Jazz trumpeter and composer Wynton Marsalis has been commissioned to write a full scale, all-orchestral work by the Atlanta Symphony Orchestra, to be conducted by music director Robert Spano.
It’s been on the books for more than two years. The world premiere was originally scheduled for July 19, part of this summer’s National Black Arts Festival at Midtown’s Woodruff Arts Center, with repeat performances in November on the ASO’s main subscription series.

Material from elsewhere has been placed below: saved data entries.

Lemma sum_lieAct (M : 'M[R]_d) f : \tr M = 0 ->
  \sum_b sl_coord M b *: lieAct b f = sl_act M f.
Proof.
move=> trM; rewrite big_sumType /=.
have -> : \sum_(w : 'I_d | val w == d.-1) Eact w w f = Eact ord_max ord_max f.
  by rewrite (big_pred1 ord_max) // => w; rewrite /= -val_eqE.
rewrite (big_sig _ (fun p : 'I_d * 'I_d => M p.1 p.2 *: Eact p.1 p.2 f)).
rewrite (big_sig _ (fun u : 'I_d => M u u *: (Eact u u f - Eact ord_max ord_max f))).
under [X in _ + X]eq_bigl do rewrite lt_ord_max.
under [X in _ + X]eq_bigr do rewrite scalerBr.
have trM' : \sum_(u | u != ord_max) M u u = - M ord_max ord_max.
  by move: trM; rewrite /mxtrace (bigD1 ord_max) //= addrC => /eqP; rewrite addr_eq0 => /eqP.
rewrite sumrB -scaler_suml trM' scaleNr opprK /sl_act.
rewrite [RHS](eq_bigr (fun u => M u u *: Eact u u f + \sum_(v | u != v) M u v *: Eact u v f)).
  by rewrite big_split /= [X in _ = X + _](bigD1 ord_max) //= pair_big_dep /=; ring.
by move=> u _; rewrite (bigD1 u) //=; congr (_ + _); apply: eq_bigl => v; rewrite eq_sym.
Qed.

Lemma sl_coord_eq0 (M : 'M[R]_d) : \tr M = 0 -> (forall b, sl_coord M b = 0) -> M = 0.
Proof.
move=> trM coord0; apply/matrixP => u v; rewrite mxE.
have [<-|uv] := eqVneq u v; last exact: (coord0 (inl (exist _ (u, v) uv))).
have [->|um] := eqVneq u ord_max.
  move: trM; rewrite /mxtrace (bigD1 ord_max) //= big1 ?addr0 // => w wm.
  by have := coord0 (inr (exist _ w _)); apply; rewrite lt_ord_max.
by have := coord0 (inr (exist _ u _)); apply; rewrite lt_ord_max.
Qed.

Lemma MLie_rank_lt f (M : 'M[R]_d) : M != 0 -> \tr M = 0 -> sl_act M f = 0 ->
  (\rank (MLie f) < #|{: LieIdx d}|)%N.
Proof.
move=> nzM trM Mf0; pose w : 'cV[R]_#|{: LieIdx d}| := \col_b sl_coord M (enum_val b).
have MLie_w : MLie f *m w = 0.
  apply/matrixP => i k; rewrite !mxE.
  transitivity ((\sum_(b < #|{: LieIdx d}|)
      sl_coord M (enum_val b) *: lieAct (enum_val b) f)@_(val (val (enum_val i)))).
    by rewrite raddf_sum; apply: eq_bigr => b _ /=; rewrite !mxE mcoeffZ mulrC.
  rewrite -(big_enum_val (A := {: LieIdx d}) (fun b => sl_coord M b *: lieAct b f)) /=.
  by rewrite (eq_bigl (fun _ => true)) // sum_lieAct // Mf0 mcoeff0.
have nz_w : w != 0.
  apply: contraNneq nzM => w0; apply/eqP/sl_coord_eq0 => // b.
  have := congr1 (fun X : 'cV[R]_#|{: LieIdx d}| => X (enum_rank b) 0) w0.
  by rewrite !mxE enum_rankK.
apply: leq_trans (mulmx0_rank_max MLie_w); rewrite -addn1 leq_add2l.
by rewrite lt0n mxrank_eq0.
Qed.

Lemma card_LieIdx : #|{: LieIdx d}| = (d ^ 2).-1%N.
Proof.
rewrite card_sum !card_sig.
have -> : #|[pred u : 'I_d | ((val u).+1 < d)%N]| = n.
  rewrite -[n]/(d.-1) -[in RHS](card_ord d) -(cardC1 ord_max).
  by apply: eq_card => u; rewrite !inE lt_ord_max.
have card_diag : #|[pred p : 'I_d * 'I_d | p.1 == p.2]| = d.
  rewrite -[RHS](card_ord d) -(card_image (f := fun u : 'I_d => (u, u))) => [|x y []//].
  apply: eq_card => -[x y]; rewrite !inE /=; apply/eqP/imageP => [->|[z _ [-> ->]]] //.
  by exists y.
have := cardC [pred p : 'I_d * 'I_d | p.1 == p.2]; rewrite card_prod card_ord card_diag.
rewrite (eq_card (B := [pred p : 'I_d * 'I_d | p.1 != p.2])) => [|p]; last by rewrite !inE.
by move=> E; rewrite expnS expn1; lia.
Qed.

End LieFlattening.

Theorem mainTheorem7 (R : realFieldType) (a d t : nat)
  (Q K : 'M[R]_(a, d)) (V : 'M[R]_(1, d)) (j : 'I_t) :
  (3 <= d)%N ->
  let A := Amat Q K in
  let N := Nmat Q K V j in
  let f := fT Q K V j in
  (* (1) *)
  ((\rank N <= 2 * \rank A + 1)%N /\
   ((2 * \rank A + 1 < d)%N ->
    forall (r c : 'I_(2 * \rank A + 2) -> 'I_d),
      injective r -> injective c -> \det (mxsub r c N) = 0)) /\
  (* (2) *)
  (f = quadform A * linform V /\
   (\rank (MLie f) < (d ^ 2).-1)%N /\
   (forall (r : 'I_((d ^ 2).-1) -> 'I_#|{: Mono3 d}|)
           (c : 'I_((d ^ 2).-1) -> 'I_#|{: LieIdx d}|),
      injective r -> injective c -> \det (mxsub r c (MLie f)) = 0)).
Proof.
move: Q K V; case: d => // n Q K V d3 A N f.
have rkN : (\rank N <= 2 * \rank A + 1)%N := mxrank_Nmat Q K V j.
have f_factor : f = quadform A * linform V := fT_factor Q K V j.
have sym_AAt : (A + A^T)^T = A + A^T by rewrite linearD /= trmxK addrC.
have [M nzM [MV trM MAAt_skew]] := exists_annihilator V sym_AAt d3.
have rk_MLie : (\rank (MLie f) < (n.+1 ^ 2).-1)%N.
  rewrite -card_LieIdx (MLie_rank_lt nzM trM) // f_factor.
  exact: sl_act_quadform_linform MV MAAt_skew.
split; first by split=> // _ r c _ _; apply: det_mxsub_eq0; lia.
by split=> //; split=> // r c _ _; apply: det_mxsub_eq0.
Qed.
(* Let $q$ be an odd prime power, $d\ge 2$, $\gamma\in\mathbb{F}_q^*$ a non-square, and let $W\subset \{v\in\mathbb{F}_q^d:\|v\|\in\{1,\gamma\}\}$ contain exactly one element of each pair $\{v,-v\}$. Let $E\subset\mathbb{F}_q^d$ and let $F\subset W\times\mathbb{F}_q$, identified with the set of non-degenerate hyperplanes $\{H_{v,t}:(v,t)\in F\}$ (each non-degenerate hyperplane has exactly one such representation), and write $F(v,t)$ for the indicator function of $F$. Then $$|\Delta(E,F)| \ge \frac{|E|^2|F|^2}{2q^{-1}|E|^2|F|^2 + 2q^{d-1}|E||F|\cdot \max_{v\in W}\sum_{t\in\mathbb{F}_q}F(v,t)}.$$ In particular, if $|E||F|>q^{d+1}$, then $|\Delta(E,F)| > q/4$, so $|\Delta(E,F)|\gg q$.
   Context: $\mathbb{F}_q$ is the field with $q$ elements; $x\cdot y=\sum_i x_iy_i$, $\|x\|=x_1^2+\dots+x_d^2$. $H_{v,t}=\{y\in\mathbb{F}_q^d: y\cdot v=t\}$; such a hyperplane is non-degenerate if $\|v\|\ne 0$. $O_d(\mathbb{F}_q)$ is the group of linear maps $\theta$ of $\mathbb{F}_q^d$ with $\|\theta y\|=\|y\|$ for all $y$. Pairs $(x,h)$ and $(x',h')$ (point, hyperplane) are equivalent if there is $\theta\in O_d(\mathbb{F}_q)$ with $\{\theta(y-x)+x': y\in h\}=h'$. $\Delta(E,F)$ is the set of equivalence classes of pairs $(x,H_{v,t})$ with $x\in E$, $(v,t)\in F$. *)

From HB Require Import structures.
From mathcomp Require Import all_boot all_order all_algebra all_field.
Set Implicit Arguments. Unset Strict Implicit. Unset Printing Implicit Defensive.
Import Order.TTheory GRing.Theory Num.Theory.
Local Open Scope ring_scope.

Section Defs.
Variables (K : finFieldType) (d : nat).

Definition dotv (x y : 'rV[K]_d) : K := \sum_(i < d) x 0 i * y 0 i.

Definition normv (x : 'rV[K]_d) : K := \sum_(i < d) x 0 i ^+ 2.

Definition hyperplane (v : 'rV[K]_d) (t : K) : {set 'rV[K]_d} :=
  [set y | dotv y v == t].

Definition orthb (M : 'M[K]_d) : bool := [forall y, normv (y *m M) == normv y].

Definition pair_equiv (p p' : 'rV[K]_d * {set 'rV[K]_d}) : bool :=
  [exists M : 'M[K]_d,
     orthb M && ([set (y - p.1) *m M + p'.1 | y in p.2] == p'.2)].

Definition eqclass (p : 'rV[K]_d * {set 'rV[K]_d}) :
  {set 'rV[K]_d * {set 'rV[K]_d}} := [set p' | pair_equiv p p'].

Definition Delta (E : {set 'rV[K]_d}) (F : {set 'rV[K]_d * K}) :
  {set {set 'rV[K]_d * {set 'rV[K]_d}}} :=
  [set eqclass (x, hyperplane vt.1 vt.2) | x in E, vt in F].

End Defs.

(* Congruent pairs (x, H_{v,t}) have the same ||v|| and the same squared offset
   (t - x.v)^2: the orthogonal map sends v to c v' with ||v|| = c^2 ||v'||, and since 1 and
   gamma lie in different square classes, c = 1 or -1.  Hence |Delta(E,F)| is at least the
   number of values of this invariant on E x F.  By Cauchy-Schwarz, |E|^2 |F|^2 is at most
   that number times the number of pairs of elements of E x F with equal invariants, and
   these pairs are counted by sum_c nu(c) (nu(c) + nu(-c)) <= 2 sum_c nu(c)^2, where nu(c)
   counts the (x,(v,t)) with t - x.v = c.  The deviation nu(c) - |E||F|/q is a sum over
   (v,t) in F of deviations of the fibres of x |-> x.v on E, so a second Cauchy-Schwarz
   bounds the variance of nu by |F| max_v |F(v,.)| sum_(v in W) D(v), with D(v) the
   variance of the fibres along v.  Since the nonzero multiples of the vectors of W are
   pairwise distinct and D is scale invariant, (q - 1) sum_(v in W) D(v) is at most the sum
   of D over all of F_q^d, which counting solutions of x.w = y.w evaluates to
   (q - 1) q^(d-1) |E|. *)

From mathcomp Require Import all_boot all_order all_algebra all_field.
From mathcomp Require Import ring lra.
Set Implicit Arguments. Unset Strict Implicit. Unset Printing Implicit Defensive.
Import Order.TTheory GRing.Theory Num.Theory.
Local Open Scope ring_scope.

Section DotProduct.
Variables (K : finFieldType) (d : nat).
Implicit Types (x y z w u v : 'rV[K]_d).
Local Notation dot := (@dotv K d).

Lemma dotvC x y : dot x y = dot y x.
Proof. by apply: eq_bigr => i _; rewrite mulrC. Qed.

Lemma dotvDl x y z : dot (x + y) z = dot x z + dot y z.
Proof. by rewrite /dotv -big_split; apply: eq_bigr => i _; rewrite !mxE mulrDl. Qed.

Lemma dotvBl x y z : dot (x - y) z = dot x z - dot y z.
Proof. by rewrite /dotv -sumrB; apply: eq_bigr => i _; rewrite !mxE mulrBl. Qed.

Lemma dotvZl a x z : dot (a *: x) z = a * dot x z.
Proof. by rewrite /dotv mulr_sumr; apply: eq_bigr => i _; rewrite !mxE mulrA. Qed.

Lemma dotvDr x y z : dot z (x + y) = dot z x + dot z y.
Proof. by rewrite !(dotvC z) dotvDl. Qed.

Lemma dotvBr x y z : dot z (x - y) = dot z x - dot z y.
Proof. by rewrite !(dotvC z) dotvBl. Qed.

Lemma dotvZr a x z : dot z (a *: x) = a * dot z x.
Proof. by rewrite !(dotvC z) dotvZl. Qed.

Lemma normvE x : normv x = dot x x.
Proof. by apply: eq_bigr => i _; rewrite expr2. Qed.

Lemma normvZ a x : normv (a *: x) = a ^+ 2 * normv x.
Proof. by rewrite !normvE dotvZl dotvZr mulrA expr2. Qed.

Lemma dotv_delta y i : dot y (delta_mx 0 i) = y 0 i.
Proof.
rewrite /dotv (bigD1 i) //= big1 => [|j /negbTE ji]; last by rewrite mxE ji mulr0.
by rewrite mxE !eqxx mulr1 addr0.
Qed.

Lemma dotv_eq0 w : (forall y, dot y w = 0) -> w = 0.
Proof. by move=> w0; apply/rowP => i; rewrite mxE -dotv_delta dotvC w0. Qed.

Lemma hyperplane_subset v t u b : normv v != 0 ->
  hyperplane v t \subset hyperplane u b -> exists2 c, u = c *: v & b = c * t.
Proof.
move=> nv0 /subsetP sub.
have onH y : dot y v = t -> dot y u = b.
  by move=> yv; apply/eqP; have := sub y; rewrite !inE yv eqxx; apply.
have proj_orth y : dot (y - (dot y v / normv v) *: v) v = 0.
  by rewrite dotvBl dotvZl -normvE mulfVK // subrr.
pose y0 := (t / normv v) *: v.
have y0v : dot y0 v = t by rewrite dotvZl -normvE mulfVK.
have orth_u z : dot z v = 0 -> dot z u = 0.
  move=> zv; have := onH (y0 + z); rewrite dotvDl y0v zv addr0 => /(_ erefl).
  by rewrite dotvDl (onH _ y0v) -{2}[b]addr0 => /addrI.
pose c := dot u v / normv v.
have uE : u = c *: v.
  apply/eqP; rewrite -subr_eq0; apply/eqP/dotv_eq0 => y.
  set s := dot y v / normv v.
  have yE : y = (y - s *: v) + s *: v by rewrite subrK.
  have ps : dot (y - s *: v) v = 0 := proj_orth y.
  rewrite dotvBr dotvZr yE !(dotvDl (y - s *: v)) (orth_u _ ps) ps !dotvZl.
  by rewrite -normvE /c (dotvC u); field.
by exists c => //; rewrite -(onH _ y0v) uE dotvZr y0v.
Qed.
Lemma prime_position_inj : {in is_factorization &, injective prime_position}.
Proof.
move=> t s tf sf ts; apply: eq_from_tnth => j; apply: val_inj.
have l0 := squarefree_gt0 sql.
suff dvd_ts u v : is_factorization u -> is_factorization v ->
    prime_position u = prime_position v ->
    forall p, prime p -> (p %| tnth u j)%N -> (p %| tnth v j)%N.
  apply: (squarefree_dvd_eq sql); try exact: factorization_dvd.
  by move=> p pp; apply/idP/idP; apply: dvd_ts.
move=> uf vf uv p pp pu.
have pl : (p %| l)%N by apply: dvdn_trans pu (factorization_dvd _ uf).
have pin : p \in primes l by rewrite mem_primes pp l0.
have im : (index p (primes l) < size (primes l))%N by rewrite index_mem.
have := congr1 (fun g : {ffun _ -> 'I_k.+1} => val (g (Ordinal im))) uv.
rewrite !ffunE /= nth_index //.
have hv := factorization_has vf pp pl.
have fv : (find (fun d : 'I_l.+1 => p %| d)%N v < k.+1)%N.
  by move: hv; rewrite has_find size_tuple.
rewrite (factorization_find uf pp pu) !inordK // => jv.
by have := nth_find ord0 hv; rewrite -jv -tnth_nth.
Qed.

Lemma tau_le : (tau k.+1 l <= k.+1 ^ size (primes l))%N.
Proof.
rewrite /tau -(card_in_imset (f := prime_position)); last first.
  by move=> t s; rewrite !inE; apply: prime_position_inj.
by apply: leq_trans (max_card _) _; rewrite card_ffun !card_ord.
Qed.
Lemma cp_complete_split F : clique_partition complete_rel F ->
    {in F, forall C, is_clique e C || is_clique (gcompl e) C} ->
  clique_partition e [set C in F | is_clique e C] /\
  clique_partition (gcompl e) [set C in F | ~~ is_clique e C].
Proof.
have [_ eirr] := e_simple.
move=> /clique_partitionP[_ Fex Funiq] Fcl.
have uniq p x y : x != y -> {in [set C in F | p C] &, forall C D,
    x \in C -> y \in C -> x \in D -> y \in D -> C = D}.
  by move=> xy C D; rewrite !inE => /andP[CF _] /andP[DF _]; apply: Funiq.
split; apply/clique_partitionP; split.
- by move=> C; rewrite inE => /andP[].
- move=> x y exy; have xy : x != y by apply: contraTneq exy => ->; rewrite eirr.
  have [C CF /andP[xC yC]] := Fex x y xy; exists C; rewrite ?xC ?yC // inE CF /=.
  case/orP: (Fcl C CF) => // /is_cliqueP/(_ x y xC yC xy).
  by rewrite /gcompl exy andbF.
- by move=> x y exy; apply: uniq; apply: contraTneq exy => ->; rewrite eirr.
- move=> C; rewrite inE => /andP[CF]; apply: contraNT => gC.
  by move: (Fcl C CF); rewrite (negbTE gC) orbF.
- move=> x y gxy; have /andP[xy nexy] := gxy.
  have [C CF /andP[xC yC]] := Fex x y xy; exists C; rewrite ?xC ?yC // inE CF /=.
  by apply: contraNN nexy => /is_cliqueP; apply.
- by move=> x y /andP[xy _]; apply: uniq.
Qed.

Lemma scp_add_le_cp_weight F : clique_partition complete_rel F ->
    {in F, forall C, is_clique e C || is_clique (gcompl e) C} ->
  scp e + scp (gcompl e) <= cp_weight F.
Proof.
move=> Fcp Fcl; have [eP gQ] := cp_complete_split Fcp Fcl.
rewrite /cp_weight (bigID (is_clique e)) /=.
apply: leq_add; [apply: leq_trans (scp_le eP) _ | apply: leq_trans (scp_le gQ) _];
  by rewrite /cp_weight; under eq_bigl do rewrite inE.
Qed.

Lemma scp_add_ge_cp_weight a b c d : e a b -> gcompl e c d ->
  exists2 F, clique_partition complete_rel F &
    [/\ {in F, forall C, #|C| < #|T|},
        {in F, forall C, is_clique e C || is_clique (gcompl e) C}
      & cp_weight F <= scp e + scp (gcompl e)].
Proof.
move=> eab /andP[cd necd]; have [_ eirr] := e_simple.
have ab : a != b by apply: contraTneq eab => ->; rewrite eirr.
have [P eP ->] := scp_attained e_simple.
have [Q gQ ->] := scp_attained (gcompl_simple e_simple).
exists (P :|: Q); first exact: cp_complete_setU.
have /clique_partitionP[Pcl _ _] := eP; have /clique_partitionP[Qcl _ _] := gQ.
have PQcl : {in P :|: Q, forall C, is_clique e C || is_clique (gcompl e) C}.
  by move=> C /setUP[/Pcl -> | /Qcl ->]; rewrite ?orbT.
split=> //; last exact: cp_weight_setU.
move=> C /PQcl/orP[Ccl | Ccl]; first exact: clique_card_lt Ccl cd necd.
by apply: clique_card_lt Ccl ab _; rewrite /gcompl eab andbF.
Qed.

Lemma scp_add_le_clique C : 0 < #|T| ->
    is_clique e C || is_clique (gcompl e) C -> #|C| = #|T|.-1 ->
  scp e + scp (gcompl e) <= 3 * #|T| - 3.
Proof.
move=> n_gt0 Ccl /(card_eq_setC1 n_gt0)[v Cv]; have [esym _] := e_simple.
have -> : 3 * #|T| - 3 = cp_weight (near_pencil v) by rewrite near_pencil_weight; lia.
apply: scp_add_le_cp_weight; first exact: near_pencil_cp.
by apply: near_pencil_cliques; rewrite -?Cv.
Qed.

End GraphAndComplement.

Definition cp_deg (T : finType) (F : {set {set T}}) (x : T) : nat :=
  #|[set C in F | x \in C]|.

Lemma cp_weight_deg (T : finType) (F : {set {set T}}) :
  cp_weight F = \sum_x cp_deg F x.
Proof.
rewrite /cp_weight /cp_deg; under eq_bigr do rewrite -sum1_card.
rewrite (exchange_big_dep xpredT) //=; apply: eq_bigr => x _.
by rewrite -sum1_card; apply: eq_bigl => C; rewrite inE.
Qed.

Lemma cp_weight_deg_split (T : finType) (F : {set {set T}}) (B : {set T}) :
  cp_weight F = \sum_(x in B) cp_deg F x + \sum_(x | x \notin B) cp_deg F x.
Proof. by rewrite cp_weight_deg (bigID (mem B)). Qed.

Definition cp_line (T : finType) (F : {set {set T}}) (x y : T) : {set T} :=
  odflt set0 [pick C in F | (x \in C) && (y \in C)].

Section CompletePartitions.
Variables (T : finType) (F : {set {set T}}).
Hypothesis F_cp : clique_partition complete_rel F.
Implicit Types (B C D : {set T}) (x y z : T).

Lemma cp_lineP x y : x != y ->
  [/\ cp_line F x y \in F, x \in cp_line F x y & y \in cp_line F x y].
Proof.
case/clique_partitionP: F_cp => _ Fex _ /Fex[C CF xyC]; rewrite /cp_line.
by case: pickP => /= [D /and3P //|/(_ C)]; rewrite CF xyC.
Qed.

Lemma cp_block_uniq x y C D : x != y -> C \in F -> D \in F ->
  x \in C -> y \in C -> x \in D -> y \in D -> C = D.
Proof. by move=> xy; case/clique_partitionP: F_cp => _ _ /(_ x y xy); apply. Qed.
Definition int_mulmx q (G : nat -> nat -> int) (x : nat -> int) (i : nat) : int :=
  \sum_(j < q) G i j * x j.

Lemma int_mx_mul_col p q G x : int_mx p q G *m int_col q x = int_col p (int_mulmx q G x).
Proof.
apply/matrixP => i k; rewrite !mxE rmorph_sum.
by apply: eq_bigr => j _; rewrite !mxE rmorphM.
Qed.

Lemma int_colD p x y : int_col p x + int_col p y = int_col p (fun i => x i + y i).
Proof. by apply/matrixP => i k; rewrite !mxE intrD. Qed.

Lemma int_bits_intr e (z : int) : (`|z| <= 2 ^ e)%N -> int_bits e (z%:~R : R).
Proof. by move=> ze; rewrite /int_bits intr_int -intr_norm -abszE pmulrn -natrX ler_nat. Qed.

Lemma int_mx_int_bits e p q G :
  (forall i j, (i < p)%N -> (j < q)%N -> (`|G i j| <= 2 ^ e)%N) ->
  mx_int_bits e (int_mx p q G).
Proof. by move=> Ge i j; rewrite mxE int_bits_intr ?Ge. Qed.

Lemma int_col_int_bits e p x :
  (forall i, (i < p)%N -> (`|x i| <= 2 ^ e)%N) -> mx_int_bits e (int_col p x).
Proof. by move=> xe i j; rewrite mxE int_bits_intr ?xe. Qed.

Definition int_layer {d} GQ GK GV : attn_layer R d :=
  AttnLayer (int_mx 4 d GQ) (int_mx 4 d GK) (int_mx d d GV).

Lemma score_int_layer d L GQ GK GV (X : 'I_L -> 'cV[R]_d) (x : 'I_L -> nat -> int) i j :
  (forall k, X k = int_col d (x k)) ->
  score (int_layer GQ GK GV) X i j =
    (\sum_(h < 4) int_mulmx d GQ (x i) h * int_mulmx d GK (x j) h)%:~R / 2.
Proof.
move=> Xx; rewrite /score /query /key /= !Xx !int_mx_mul_col sqrt4 rmorph_sum.
by congr (_ / _); apply: eq_bigr => h _; rewrite !mxE rmorphM.
Qed.

End IntegerMatrices.

Lemma size_flatten_pairs (T I : Type) (a b : I -> T) (s : seq I) :
  size (flatten [seq [:: a j; b j] | j <- s]) = (size s).*2.
Proof. by elim: s => //= x s IH; rewrite IH doubleS. Qed.

Lemma nth_flatten_pairs (T I : Type) (x0 : T) (y0 : I) (a b : I -> T) (s : seq I) k :
  (k < (size s).*2)%N ->
  nth x0 (flatten [seq [:: a j; b j] | j <- s]) k = (if odd k then b else a) (nth y0 s k./2).
Proof. by elim: s k => [|x s IH] [|[|k]] //= Hk; rewrite IH // negbK. Qed.

Section Tokens.
Variables (n : nat) (f : 'I_n -> 'I_n) (pi : {perm 'I_n}) (istar : 'I_n).

Lemma fe_token_even (k : 'I_(n.*2).+1) (j : 'I_n) :
  val k = j.*2 -> fe_token f pi istar k = pi j.
Proof.
move=> kE; rewrite /fe_token /fe_input nth_cat size_flatten_pairs size_enum_ord kE.
rewrite ltn_double ltn_ord (nth_flatten_pairs _ j) ?size_enum_ord ?ltn_double //.
by rewrite odd_double doubleK nth_ord_enum.
Qed.

Lemma fe_token_odd (k : 'I_(n.*2).+1) (j : 'I_n) :
  val k = j.*2.+1 -> fe_token f pi istar k = f (pi j).
Proof.
move=> kE; rewrite /fe_token /fe_input nth_cat size_flatten_pairs size_enum_ord kE.
have j2n : (j.*2.+1 < n.*2)%N by rewrite -doubleS leq_double ltn_ord.
rewrite j2n (nth_flatten_pairs _ j) ?size_enum_ord //=.
by rewrite odd_double uphalf_double nth_ord_enum.
Qed.

Lemma fe_token_last : fe_token f pi istar ord_max = istar.
Proof. by rewrite /fe_token /fe_input nth_cat size_flatten_pairs size_enum_ord ltnn subnn. Qed.

End Tokens.

Section Construction.
Variables (R : realType) (n : nat).

(* Coordinates of the residual stream at position k with token t:
   0 -> 1, 1 -> k, 2 -> k^2, 3 -> t, 4 -> t^2 + (k odd); layer 1 fills 5 and 6
   with coordinates 3 and 4 of position k-1. *)
Definition tok_feat (t c : nat) : int :=
  match c with 3 => t%:Z | 4 => t%:Z ^+ 2 | _ => 0 end.

Definition pos_feat (k c : nat) : int :=
  match c with 0 => 1 | 1 => k%:Z | 2 => k%:Z ^+ 2 | 4 => (odd k)%:Z | _ => 0 end.

Definition prevQ (h c : nat) : int :=
  match h, c with 0, 0 => -2 | 0, 1 => 2 | 1, 0 => -1 | _, _ => 0 end.
Definition prevK (h c : nat) : int :=
  match h, c with 0, 1 => 1 | 1, 2 => 1 | _, _ => 0 end.
Definition prevV (h c : nat) : int :=
  match h, c with 5, 3 => 1 | 6, 4 => 1 | _, _ => 0 end.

But in early June, Marsalis broke the news to the ASO: he wasn’t finished. The premiere was pushed back to November. The new work was be recorded by Telarc. It’s a co-commission by the ASO and Boston Symphony, with additional funding from the NBAF.
Not so fast.
This afternoon the ASO announced that the world premiere of Marsalis’ symphonic work has now been postponed until the 2009-10 season due to his delay in writing the work, and that a new date for the premiere will likely be part of the 2009-2010 season.
The new work is tentatively called “An American Symphony.” All along, Marsalis has been curiously silent about progress on what’s been billed as a 40-minute, six-movement symphony, where each movement evokes an indigenous American style of music, from ragtime to the blues to 4/4 swing. This will be his first score for purely orchestral forces, without Marsalis’ on-stage participation and with no jazz combo in the mix.